Content starts
(* Let $\mathbb{A}$ be a 2-category having the two-dimensional cokernel diagram of a 1-cell $p:e\to b$. Then: (1) $p$ is monadic if and only if $p$ has a left adjoint and $p$ is an effective faithful morphism; (2) $p$ is comonadic if and only if $p$ has a right adjoint and $p$ is an effective faithful morphism.
   Context: A 2-category is a $\mathbf{Cat}$-enriched category; composition of 1-cells is juxtaposition, vertical composition of 2-cells is $\cdot$, horizontal composition is $\ast$, $\mathrm{id}_f$ is the identity 2-cell on $f$. $\mathbb{A}^{\mathrm{co}}$ is obtained by reversing 2-cells. A 1-cell is an equivalence if it has a pseudo-inverse up to invertible 2-cells. Adjunctions in $\mathbb{A}$ are given by unit and counit 2-cells satisfying the triangle identities. Opcomma object of $p$ along itself: $b\uparrow_p b$ with $\delta^0,\delta^1:b\to b\uparrow_pb$ and $\alpha:\delta^1p\Rightarrow\delta^0p$ such that for every $y$, $h\mapsto(h\delta^0,h\delta^1,\mathrm{id}_h\ast\alpha)$, $\xi\mapsto(\xi\ast\mathrm{id}_{\delta^0},\xi\ast\mathrm{id}_{\delta^1})$ is an isomorphism from $\mathbb{A}(b\uparrow_pb,y)$ onto the category of triples $(h_0,h_1:b\to y,\beta:h_1p\Rightarrow h_0p)$ with morphisms pairs $(\xi_0,\xi_1)$ with $(\xi_0\ast\mathrm{id}_p)\cdot\beta=\beta'\cdot(\xi_1\ast\mathrm{id}_p)$. A two-dimensional pushout of a span $f_0:c\to c_0$, $f_1:c\to c_1$ is $P$ with $q_0,q_1$, $q_0f_0=q_1f_1$, such that $k\mapsto(kq_0,kq_1)$ is an isomorphism from $\mathbb{A}(P,y)$ onto the category of pairs $(k_0,k_1)$ with $k_0f_0=k_1f_1$ and morphisms pairs of 2-cells $(\xi_0,\xi_1)$ with $\xi_0\ast\mathrm{id}_{f_0}=\xi_1\ast\mathrm{id}_{f_1}$. $\mathbb{A}$ has the two-dimensional cokernel diagram of $p$ if it has $b\uparrow_pb$ and a two-dimensional pushout $b\uparrow_pb\uparrow_pb$ of $(\delta^0,\delta^1)$ with $D^0,D^2$, $D^2\delta^0=D^0\delta^1$; $D^1$ is the unique 1-cell with $D^1\delta^1=D^2\delta^1$, $D^1\delta^0=D^0\delta^0$, $\mathrm{id}_{D^1}\ast\alpha=(\mathrm{id}_{D^0}\ast\alpha)\cdot(\mathrm{id}_{D^2}\ast\alpha)$; $s^0$ is the unique 1-cell with $s^0\delta^0=s^0\delta^1=\mathrm{id}_b$, $\mathrm{id}_{s^0}\ast\alpha=\mathrm{id}_p$. Effective faithful: $\mathrm{Desc}_p(y)$ has objects $(h:y\to b,\beta:\delta^1h\Rightarrow\delta^0h)$ with $(\mathrm{id}_{D^0}\ast\beta)\cdot(\mathrm{id}_{D^2}\ast\beta)=\mathrm{id}_{D^1}\ast\beta$, $\mathrm{id}_{s^0}\ast\beta=\mathrm{id}_h$, morphisms 2-cells $\xi:h_1\Rightarrow h_0$ with $\beta_0\cdot(\mathrm{id}_{\delta^1}\ast\xi)=(\mathrm{id}_{\delta^0}\ast\xi)\cdot\beta_1$; a lax descent object is $L$ with $d:L\to b$, $\Psi:\delta^1d\Rightarrow\delta^0d$ such that $g\mapsto(dg,\Psi\ast\mathrm{id}_g)$, $\xi\mapsto\mathrm{id}_d\ast\xi$ is an isomorphism $\mathbb{A}(y,L)\cong\mathrm{Desc}_p(y)$ for all $y$; $p^H$ is unique with $dp^H=p$, $\Psi\ast\mathrm{id}_{p^H}=\alpha$. $p$ is an effective faithful morphism if $\mathbb{A}$ has the two-dimensional cokernel diagram of $p$, a lax descent object of it, and $p^H$ is an equivalence. Monadic: a right Kan extension of $f$ along $g$ is $(r,\gamma:rg\Rightarrow f)$ with $\beta\mapsto\gamma\cdot(\beta\ast\mathrm{id}_g)$ bijective from 2-cells $k\Rightarrow r$ to 2-cells $kg\Rightarrow f$. The codensity monad of $p$ is $(b,t,m,\eta)$ where $(t,\gamma)$ is a right Kan extension of $p$ along $p$, $m$ unique with $\gamma\cdot(m\ast\mathrm{id}_p)=\gamma\cdot(\mathrm{id}_t\ast\gamma)$, $\eta$ unique with $\gamma\cdot(\eta\ast\mathrm{id}_p)=\mathrm{id}_p$. An Eilenberg–Moore object of $\mathsf{T}=(b,t,m,\eta)$ is $b^{\mathsf{T}}$ with $u:b^{\mathsf{T}}\to b$, $\mu:tu\Rightarrow u$ such that $g\mapsto(ug,\mu\ast\mathrm{id}_g)$ is an isomorphism from $\mathbb{A}(y,b^{\mathsf{T}})$ onto the category of pairs $(h,\beta:th\Rightarrow h)$ with $\beta\cdot(\mathrm{id}_t\ast\beta)=\beta\cdot(m\ast\mathrm{id}_h)$, $\beta\cdot(\eta\ast\mathrm{id}_h)=\mathrm{id}_h$ (morphisms $\xi$ with $\xi\cdot\beta_1=\beta_0\cdot(\mathrm{id}_t\ast\xi)$). $p$ is monadic if it has a codensity monad $\mathsf{T}$, $\mathbb{A}$ has an Eilenberg–Moore object of $\mathsf{T}$, and the unique $p^{\mathsf{T}}$ with $up^{\mathsf{T}}=p$, $\mu\ast\mathrm{id}_{p^{\mathsf{T}}}=\gamma$ is an equivalence. $p$ is comonadic if the corresponding 1-cell of $\mathbb{A}^{\mathrm{co}}$ is monadic in $\mathbb{A}^{\mathrm{co}}$. *)

(* Encoding: for objects a b,
   [Hom a b] are the 1-cells a -> b and [Cell a b] are all 2-cells between
   1-cells a -> b, each with a source [src] and target [tgt] 1-cell.
   [vcomp be al] is the vertical composite be . al (al first); it is only
   meaningful when [src be = tgt al] (its value otherwise is junk and no axiom
   mentions it).  [hcomp be al] is the horizontal composite be * al, with
   [src (be * al) = src be  src al] (juxtaposition = [comp]). *)
Record TwoCat : Type := {
  Ob : Type;
  Hom : Ob -> Ob -> Type;
  Cell : Ob -> Ob -> Type;
  src : forall a b, Cell a b -> Hom a b;
  tgt : forall a b, Cell a b -> Hom a b;
  id1 : forall a, Hom a a;
  comp : forall a b c, Hom b c -> Hom a b -> Hom a c;
  id2 : forall a b, Hom a b -> Cell a b;
  vcomp : forall a b, Cell a b -> Cell a b -> Cell a b;
  hcomp : forall a b c, Cell b c -> Cell a b -> Cell a c;
  comp_assoc : forall a b c d (h : Hom c d) (g : Hom b c) (f : Hom a b),
    comp _ _ _ h (comp _ _ _ g f) = comp _ _ _ (comp _ _ _ h g) f;
  comp_id_l : forall a b (f : Hom a b), comp _ _ _ (id1 b) f = f;
  comp_id_r : forall a b (f : Hom a b), comp _ _ _ f (id1 a) = f;
  src_id2 : forall a b (f : Hom a b), src _ _ (id2 _ _ f) = f;
  tgt_id2 : forall a b (f : Hom a b), tgt _ _ (id2 _ _ f) = f;
  src_vcomp : forall a b (be al : Cell a b), src _ _ be = tgt _ _ al ->
    src _ _ (vcomp _ _ be al) = src _ _ al;
  tgt_vcomp : forall a b (be al : Cell a b), src _ _ be = tgt _ _ al ->
    tgt _ _ (vcomp _ _ be al) = tgt _ _ be;
  vcomp_assoc : forall a b (ga be al : Cell a b),
    src _ _ ga = tgt _ _ be -> src _ _ be = tgt _ _ al ->
    vcomp _ _ ga (vcomp _ _ be al) = vcomp _ _ (vcomp _ _ ga be) al;
  vcomp_id_l : forall a b (al : Cell a b), vcomp _ _ (id2 _ _ (tgt _ _ al)) al = al;
  vcomp_id_r : forall a b (al : Cell a b), vcomp _ _ al (id2 _ _ (src _ _ al)) = al;
  src_hcomp : forall a b c (be : Cell b c) (al : Cell a b),
    src _ _ (hcomp _ _ _ be al) = comp _ _ _ (src _ _ be) (src _ _ al);
  tgt_hcomp : forall a b c (be : Cell b c) (al : Cell a b),
    tgt _ _ (hcomp _ _ _ be al) = comp _ _ _ (tgt _ _ be) (tgt _ _ al);
  hcomp_assoc : forall a b c d (ga : Cell c d) (be : Cell b c) (al : Cell a b),
    hcomp _ _ _ ga (hcomp _ _ _ be al) = hcomp _ _ _ (hcomp _ _ _ ga be) al;
  hcomp_id_l : forall a b (al : Cell a b), hcomp _ _ _ (id2 _ _ (id1 b)) al = al;
  hcomp_id_r : forall a b (al : Cell a b), hcomp _ _ _ al (id2 _ _ (id1 a)) = al;
  hcomp_id2 : forall a b c (g : Hom b c) (f : Hom a b),
    hcomp _ _ _ (id2 _ _ g) (id2 _ _ f) = id2 _ _ (comp _ _ _ g f);
  interchange : forall a b c (de ga : Cell b c) (be al : Cell a b),
    src _ _ de = tgt _ _ ga -> src _ _ be = tgt _ _ al ->
    hcomp _ _ _ (vcomp _ _ de ga) (vcomp _ _ be al)
    = vcomp _ _ (hcomp _ _ _ de be) (hcomp _ _ _ ga al)
}.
Content ends
** What is expected **
Copy out precisely the lines from the line with "tgt : forall a b, Cell a b -> Hom a b;" to the line with "src _ _ ga = tgt" in the material above, including those two lines and omitting all the rest.

** Task output **
  tgt : forall a b, Cell a b -> Hom a b;
  id1 : forall a, Hom a a;
  comp : forall a b c, Hom b c -> Hom a b -> Hom a c;
  id2 : forall a b, Hom a b -> Cell a b;
  vcomp : forall a b, Cell a b -> Cell a b -> Cell a b;
  hcomp : forall a b c, Cell b c -> Cell a b -> Cell a c;
  comp_assoc : forall a b c d (h : Hom c d) (g : Hom b c) (f : Hom a b),
    comp _ _ _ h (comp _ _ _ g f) = comp _ _ _ (comp _ _ _ h g) f;
  comp_id_l : forall a b (f : Hom a b), comp _ _ _ (id1 b) f = f;
  comp_id_r : forall a b (f : Hom a b), comp _ _ _ f (id1 a) = f;
  src_id2 : forall a b (f : Hom a b), src _ _ (id2 _ _ f) = f;
  tgt_id2 : forall a b (f : Hom a b), tgt _ _ (id2 _ _ f) = f;
  src_vcomp : forall a b (be al : Cell a b), src _ _ be = tgt _ _ al ->
    src _ _ (vcomp _ _ be al) = src _ _ al;
  tgt_vcomp : forall a b (be al : Cell a b), src _ _ be = tgt _ _ al ->
    tgt _ _ (vcomp _ _ be al) = tgt _ _ be;
  vcomp_assoc : forall a b (ga be al : Cell a b),
    src _ _ ga = tgt _ _ be -> src _ _ be = tgt _ _ al ->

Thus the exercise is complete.